If the two have the same priority, it depends on their combination.
Operator precedence
The priority in the following table is from high to low
Problem expression
Sometimes, even if you know the priority and associativity of operators, you still can't determine the unique evaluation path of expressions. For example, the following problem expressions:
//Code 1 a*b + c*d + e*f
Code 1 can only ensure that * is calculated earlier than + due to its higher priority than + during calculation, but the priority does not determine that the third * is executed earlier than the first +
//Expression 2 c + --c;
As above, the priority of the operator can only determine whether the operation of self subtraction - precedes the operation of + but we have no way to know whether the left operand of the + operator is evaluated before or after the right operand, so the result is unpredictable and ambiguous.
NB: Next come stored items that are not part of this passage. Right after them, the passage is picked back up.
Lemma lvl_f_rank1 (u : T) : rank u = 1 -> u != b -> (0 < lvl (f u))%N.
Proof.
move=> ru ub; have au := stack_lt_other_upper stack rank_a rank_b ru ub base_not_lt.
have [y [ry ya yu]] := stack_upper_gt_other_lower stack ru rank_a.
rewrite -lvl_a; apply: (lvl_lt_upper_bound aQ bQ) => //; first by rewrite eq_sym.
- by rewrite lvl_a lvl_b.
- by rewrite -(f_id aQ) f_mono // ltW.
- by rewrite -(f_rank0 ry ya) f_mono // ltW.
Qed.

Lemma f_rank1_eq (u q : T) : rank u = 1 -> u != b -> q \in Q -> lvl q = 1 -> u < q ->
  f u = q.
Proof.
move=> ru ub qQ lq uq; apply: le_lvl_eq => //; last by rewrite lq lvl_f_rank1.
by rewrite -(f_id qQ) f_mono // ltW.
Qed.

Lemma level1_rank_ge2 (q : T) : q \in Q -> lvl q = 1 -> (2 <= rank q)%N.
Proof.
move=> qQ lq; have : b < q by rewrite lt_lvlE // lvl_b lq.
by move/rank_lt; rewrite rank_b.
Qed.

Lemma level1_gt_rank1 (q : T) : q \in Q -> lvl q = 1 ->
  exists u, [/\ rank u = 1, u != b & u < q].
Proof.
move=> qQ lq; have [z zq rz] := rank_below (level1_rank_ge2 qQ lq).
have [u [ru ub uz]] := stack_upper_gt_other_lower stack rz rank_b.
by exists u; split=> //; apply: lt_le_trans uz zq.
Qed.

Lemma level1_rank2 (q : T) : q \in Q -> lvl q = 1 -> rank q = 2.
Proof.
move=> qQ lq; have := level1_rank_ge2 qQ lq; rewrite leq_eqVlt => /orP[/eqP <- // | r3].
have [e [eQ eq le]] := level_other qQ; rewrite lq in le.
have [u [ru ub ue]] := level1_gt_rank1 eQ le.
have uq : u < q by apply: (stack_lt_of_rank_gap stack); rewrite ru.
by move: eq; rewrite -(f_rank1_eq ru ub eQ le ue) (f_rank1_eq ru ub qQ lq uq) eqxx.
Qed.

Lemma one_lt_levels : (1 < k)%N.
Proof.
have [u [ru ub]] := stack_other_upper stack rank_b.
by have := lvl_f_rank1 ru ub; have := lvl_lt (f_in u); lia.
Qed.

Lemma rank1_separated : exists u1 u2,
  [/\ rank u1 = 1, rank u2 = 1, lvl (f u1) = 1, lvl (f u2) = 1 & f u1 != f u2].
Proof.
have [c cQ lc] := level_nonempty one_lt_levels.
have [e [eQ ec le]] := level_other cQ; rewrite lc in le.
have [uc [ruc ucb ucc]] := level1_gt_rank1 cQ lc.
have [ue [rue ueb uee]] := level1_gt_rank1 eQ le.
exists uc, ue.
by rewrite (f_rank1_eq ruc ucb cQ lc ucc) (f_rank1_eq rue ueb eQ le uee) eq_sym.
Qed.

Lemma exists_lvl_f_ge2 : exists w, (2 <= lvl (f w))%N.
Proof.
have [u1 [u2 [r1 r2 l1 l2 f12]]] := rank1_separated.
have u12 : u1 != u2 by apply: contraNneq f12 => ->.
have n_gt1 : (1 < n)%N.
  by rewrite -(level1_rank2 (f_in u1) l1) stack_rank_le.
have [w [_ u1w u2w]] := stack_common_upper stack n_gt1 r1 r2 u12.
by exists w; apply: (two_le_lvl_f l1 l2 f12); apply: ltW.
Qed.

Lemma rank3_lvl_f (x : T) : (3 <= rank x)%N -> (2 <= lvl (f x))%N.
Proof.
move=> rx; have [u1 [u2 [r1 r2 l1 l2 f12]]] := rank1_separated.
apply: (two_le_lvl_f l1 l2 f12);
  by apply/ltW/(stack_lt_of_rank_gap stack); rewrite ?r1 ?r2.
Qed.

Lemma level2_rank3 (q : T) : q \in Q -> (2 <= lvl q)%N -> (3 <= rank q)%N.
Proof.
move=> qQ lq; have [c cQ lc] := level_nonempty one_lt_levels.
have : c < q by rewrite lt_lvlE // lc.
by move/rank_lt; rewrite (level1_rank2 cQ lc).
Qed.

Lemma tower_retract_rank3 :
  (3 <= n)%N /\ exists R : {set T}, retract_of (rank_set 3 n) R /\ four_tower R.
Proof.
have [w w2] := exists_lvl_f_ge2.
have k_gt2 : (2 < k)%N by apply: leq_trans (lvl_lt (f_in w)).
split; first exact: leq_trans (level2_rank3 (f_in w) w2) (stack_rank_le stack _).
exists [set q in Q | (2 <= lvl q)%N]; split; last exact: four_tower_levels_ge.
split.
  apply/subsetP => q; rewrite !inE => /andP[qQ lq].
  by rewrite level2_rank3 // stack_rank_le.
exists f; split; [|split] => [x | x y _ _ | q].
- by rewrite !inE f_in => /andP[x3 _]; exact: rank3_lvl_f.
- exact: f_mono.
- by rewrite inE => /andP[qQ _]; exact: f_id.
Qed.

End Base.

Lemma tower_retract_of_unique_min : #|rank_set 0 0 :&: minimal_in Q| = 1 ->
  (3 <= n)%N /\ exists R : {set T}, retract_of (rank_set 3 n) R /\ four_tower R.
Proof.
case/exists_base => a [b [aQ bQ ba [la lb] [ra rb]]].
exact: (tower_retract_rank3 aQ bQ ba la lb ra rb).
Qed.

End RetractOntoTower.
End Tower.
Theorem mainTheorem11 (G : network) (n : nat)
  (len_pos : forall e : edge G, 0 < len e)
  (no_loop : forall e : edge G, src e <> tgt e)
  (no_multi : forall e f : edge G,
      (src e = src f /\ tgt e = tgt f) \/ (src e = tgt f /\ tgt e = src f) -> e = f)
  (conn : connected_graph G)
  (no_deg2 : forall v : vert G, degree v <> 2%N)
  (n_pos : (0 < n)%N)
  (x : profile G) (Hx : nash_eq n x) :
  forall y : point G, valid_point y ->
    mind n x y <= 2 * total_length G / INR n.
Proof.
  intros y Hy. destruct Hx as [Hvalid Hnash].
  have Hn : (0 < n)%coq_nat by apply/ltP.
  destruct (exists_payoff_le_average len_pos conn x Hn) as [i [Hi Hpoor]].
  have Havg_nonneg : 0 <= total_length G / INR n.
  { apply Rmult_le_pos; [|left; apply Rinv_0_lt_compat, lt_0_INR, Hn].
    apply sumR_ge0. intros e _. left; apply len_pos. }
  replace (2 * total_length G / INR n) with (2 * (total_length G / INR n)) by (rewrite /Rdiv; ring).
  apply Rnot_lt_le. intros Hfar.
  have Hgain := payoff_update_ge len_pos no_loop conn (r := mind n x y / 2) Hy
    (Hvalid i (introT ltP Hi)) Hi ltac:(lra) ltac:(lra).
  have := Hnash i y (introT ltP Hi) Hy. lra.
Qed.
(* For all integers $n\ge 1$ and $k\ge 2$, $$d_k(n+1)=d_{k-2}(n)+3\,d_{k-1}(n)+d_k(n)+2\,s_k(n).$$
   Context: For $n\ge 1$, the $2\times n$ board consists of $2n$ unit squares $x_0,\dots,x_{2n-1}$ arranged in 2 rows and $n$ columns, labeled with the top row first (left to right, $x_0,\dots,x_{n-1}$... ) — more precisely, labeled so that $x_{2i}$ and $x_{2i+1}$ form column $i$ ($i=0,\dots,n-1$), with $x_{2n-2},x_{2n-1}$ the two squares of the rightmost column. Two squares are adjacent iff they share an edge. A piece is a nonempty set of squares that is connected under adjacency. A division of the board into $k$ pieces is a partition of the set of all $2n$ squares into exactly $k$ pieces. $d_k(n)$ denotes the number of divisions of the $2\times n$ board into $k$ pieces (so $d_0(n)=0$, $d_1(n)=1$). $s_k(n)$ denotes the number of such divisions in which the two squares of the rightmost column lie in different pieces. *)

From mathcomp Require Import all_boot.
Unset Implicit Arguments. Unset Printing Implicit Defensive.

(* Squares of the 2 x n board: 'I_(2*n).  Square j lies in column j %/ 2
   and row j %% 2, so x_(2i), x_(2i+1) form column i. *)
Definition square (n : nat) := 'I_(2 * n).

Definition adj (n : nat) (x y : square n) : bool :=
  ((x %/ 2 == y %/ 2) && (x %% 2 != y %% 2))
  || ((x %% 2 == y %% 2) && ((x %/ 2 == (y %/ 2).+1) || (y %/ 2 == (x %/ 2).+1))).

Definition piece (n : nat) (A : {set square n}) : bool :=
  (A != set0) &&
  [forall x in A, forall y in A,
     connect [rel u v | [&& u \in A, v \in A & adj n u v]] x y].

Definition division (n k : nat) (P : {set {set square n}}) : bool :=
  [&& partition P [set: square n], [forall A in P, piece n A] & #|P| == k].

Definition d (k n : nat) : nat := #|[set P | division n k P]|.

Definition rightmost_split (n : nat) (P : {set {set square n}}) : bool :=
  [forall A in P, forall x : square n, forall y : square n,
     ((val x == (2 * n - 2)%N) && (val y == (2 * n - 1)%N)) ==>
       ~~ ((x \in A) && (y \in A))].

Definition s (k n : nat) : nat :=
  #|[set P | division n k P && rightmost_split n P]|.

From mathcomp Require Import all_boot zify.
Set Implicit Arguments. Unset Strict Implicit.
Lemma split_around (T : eqType) (U1 V1 : seq T) p a q b d :
  last q V1 = d -> b \in [:: p; q] -> b != d ->
  exists U V x y, U1 ++ p :: a :: q :: V1 = U ++ x :: y :: V ++ [:: d]
                  /\ ((x, y) = (a, b) \/ (x, y) = (b, a)).
Proof.
move=> qV; rewrite !inE => /orP[]/eqP-> bd.
  by exists U1, (belast q V1), p, a; rewrite -qV cats1 -lastI; split; last right.
case: V1 qV => [/= qd|v V1 qV]; first by rewrite qd eqxx in bd.
exists (rcons U1 p), (belast v V1), a, q; split; last by left.
by rewrite cat_rcons -qV /= cats1 -lastI.
Qed.

Lemma sorted_cat_link (T : eqType) (e : rel T) x0 s1 s2 : s1 != [::] -> s2 != [::] ->
  sorted e s1 -> sorted e s2 -> e (last x0 s1) (head x0 s2) -> sorted e (s1 ++ s2).
Proof.
by case: s1 => // a s1; case: s2 => // b s2 _ _ /= p1 p2 ab; rewrite cat_path p1 /= ab.
Qed.

Local Open Scope ring_scope.

Definition cell_diff (x y : cell) : seq int := [seq p.1 - p.2 | p <- zip x y].

Definition ones (v : seq int) := count (fun a : int => `|a| == 1) v.
Definition twos (v : seq int) := count (fun a : int => `|a| == 2) v.
Definition support_size (v : seq int) := count (fun a : int => a != 0) v.

Definition step_profile (i j k : nat) (x y : cell) :=
  [&& size x == size y, ones (cell_diff x y) == i, twos (cell_diff x y) == j
    & support_size (cell_diff x y) == k]%N.

Notation unit_step := (step_profile 1%N 0%N 1%N).
Notation double_step := (step_profile 0%N 1%N 1%N).

Lemma knight_adjE : knight_adj =2 step_profile 1%N 1%N 2%N.
Proof. by []. Qed.

Lemma cell_diff_cat x y q q' : size x = size y ->
  cell_diff (x ++ q) (y ++ q') = cell_diff x y ++ cell_diff q q'.
Proof. by move=> sxy; rewrite /cell_diff zip_cat // map_cat. Qed.

Lemma cell_diffxx (q : cell) : cell_diff q q = nseq (size q) 0.
Proof. by elim: q => // a q IHq; rewrite /cell_diff /= subrr -IHq. Qed.

Lemma cell_diffC x y : cell_diff y x = map -%R (cell_diff x y).
Proof. by elim: x y => [|a x IHx] [|b y] //=; rewrite opprB -IHx. Qed.

Lemma step_profileC i j k : symmetric (step_profile i j k).
Proof.
have countN (P : pred int) v : (forall a, P (- a) = P a) -> count P (map -%R v) = count P v.
  by move=> PN; rewrite count_map; apply: eq_count => a /=; rewrite PN.
move=> x y; rewrite /step_profile cell_diffC eq_sym /ones /twos /support_size.
by rewrite !countN // => a; rewrite ?normrN ?oppr_eq0.
Qed.

Lemma step_profile_cat i j k i' j' k' x y q q' : step_profile i j k x y ->
  step_profile i' j' k' q q' -> step_profile (i + i') (j + j') (k + k') (x ++ q) (y ++ q').
Proof.
move=> /and4P[/eqP sxy o1 t1 z1] /and4P[/eqP sqq o2 t2 z2].
rewrite /step_profile !size_cat sxy sqq cell_diff_cat //; move: o1 t1 z1 o2 t2 z2.
rewrite /ones /twos /support_size !count_cat => /eqP-> /eqP-> /eqP-> /eqP-> /eqP-> /eqP->.
by rewrite !eqxx.
Qed.

Lemma step_profile_refl (q : cell) : step_profile 0%N 0%N 0%N q q.
Proof.
by rewrite /step_profile cell_diffxx /ones /twos /support_size !count_nseq !mul0n eqxx.
Qed.

Lemma step_profile_cons i j k (a : int) u v :
  step_profile i j k (a :: u) (a :: v) = step_profile i j k u v.
Proof. by rewrite /step_profile /cell_diff /= subrr. Qed.

Lemma knight_adj_sym : symmetric knight_adj.
Proof. exact: step_profileC. Qed.

Lemma knight_adj_catr x y q : knight_adj x y -> knight_adj (x ++ q) (y ++ q).
Proof. by move=> xy; apply: (step_profile_cat xy (step_profile_refl q)). Qed.

Lemma knight_adj_cat_steps x y q q' :
  double_step x y -> unit_step q q' -> knight_adj (x ++ q) (y ++ q').
Proof. exact: step_profile_cat. Qed.

Definition layer (q : cell) (L : seq cell) := [seq w ++ q | w <- L].
Definition stack (L Q : seq cell) := flatten [seq layer q L | q <- Q].

Lemma stack_cons L q Q : stack L (q :: Q) = layer q L ++ stack L Q.
Proof. by []. Qed.

Lemma cycle_layer q L : cycle knight_adj L -> cycle knight_adj (layer q L).
Proof. by apply: homo_cycle => u v; apply: knight_adj_catr. Qed.

Section StackCycle.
//Code 3 - illegal expression
int main()
{
int i = 10;
i = i-- - --i * ( i = -3 ) * i++ + ++i;
printf("i = %d\n", i);
return 0;
}
Expression 3 test results in different compilers: results of illegal expression programs.
//Code 4
int fun()
{
static int count = 1;
return ++count;
}
int main()
{
int answer;
answer = fun() - fun() * fun();
printf( "%d\n", answer);
return 0;
}
There is a problem with this code!
Although the results are the same on most compilers.
However, the above code answer = fun() - fun() * fun(); In, we can only know from the priority of the operator: multiply first and then subtract. However, the call order of the function cannot be determined by the priority of the operator, and the value of answer is uncertain.
//Code 5
#include <stdio.h>
int main()
{
int i = 1;
int ret = (++i) + (++i) + (++i);
printf("%d\n", ret);
printf("%d\n", i);
return 0;
}
Under vs compiler: first calculate + + i three times, then + i= 4, ret=4+4+4 = 12
Under gcc compiler: i = 4, ret = 2+3+4 = 10
The same code produces different results under different compilers. Why?
Simply look at the assembly code and you can analyze it clearly
When the first + in this code is executed, whether the third + + is executed or not is uncertain, because depending on the priority and associativity of operators, the order of the first + and the third preceding + + cannot be determined. (priority is only discussed for adjacent operators)
If the expression we write cannot determine the unique calculation path through the properties of the operator, there is a problem with this expression.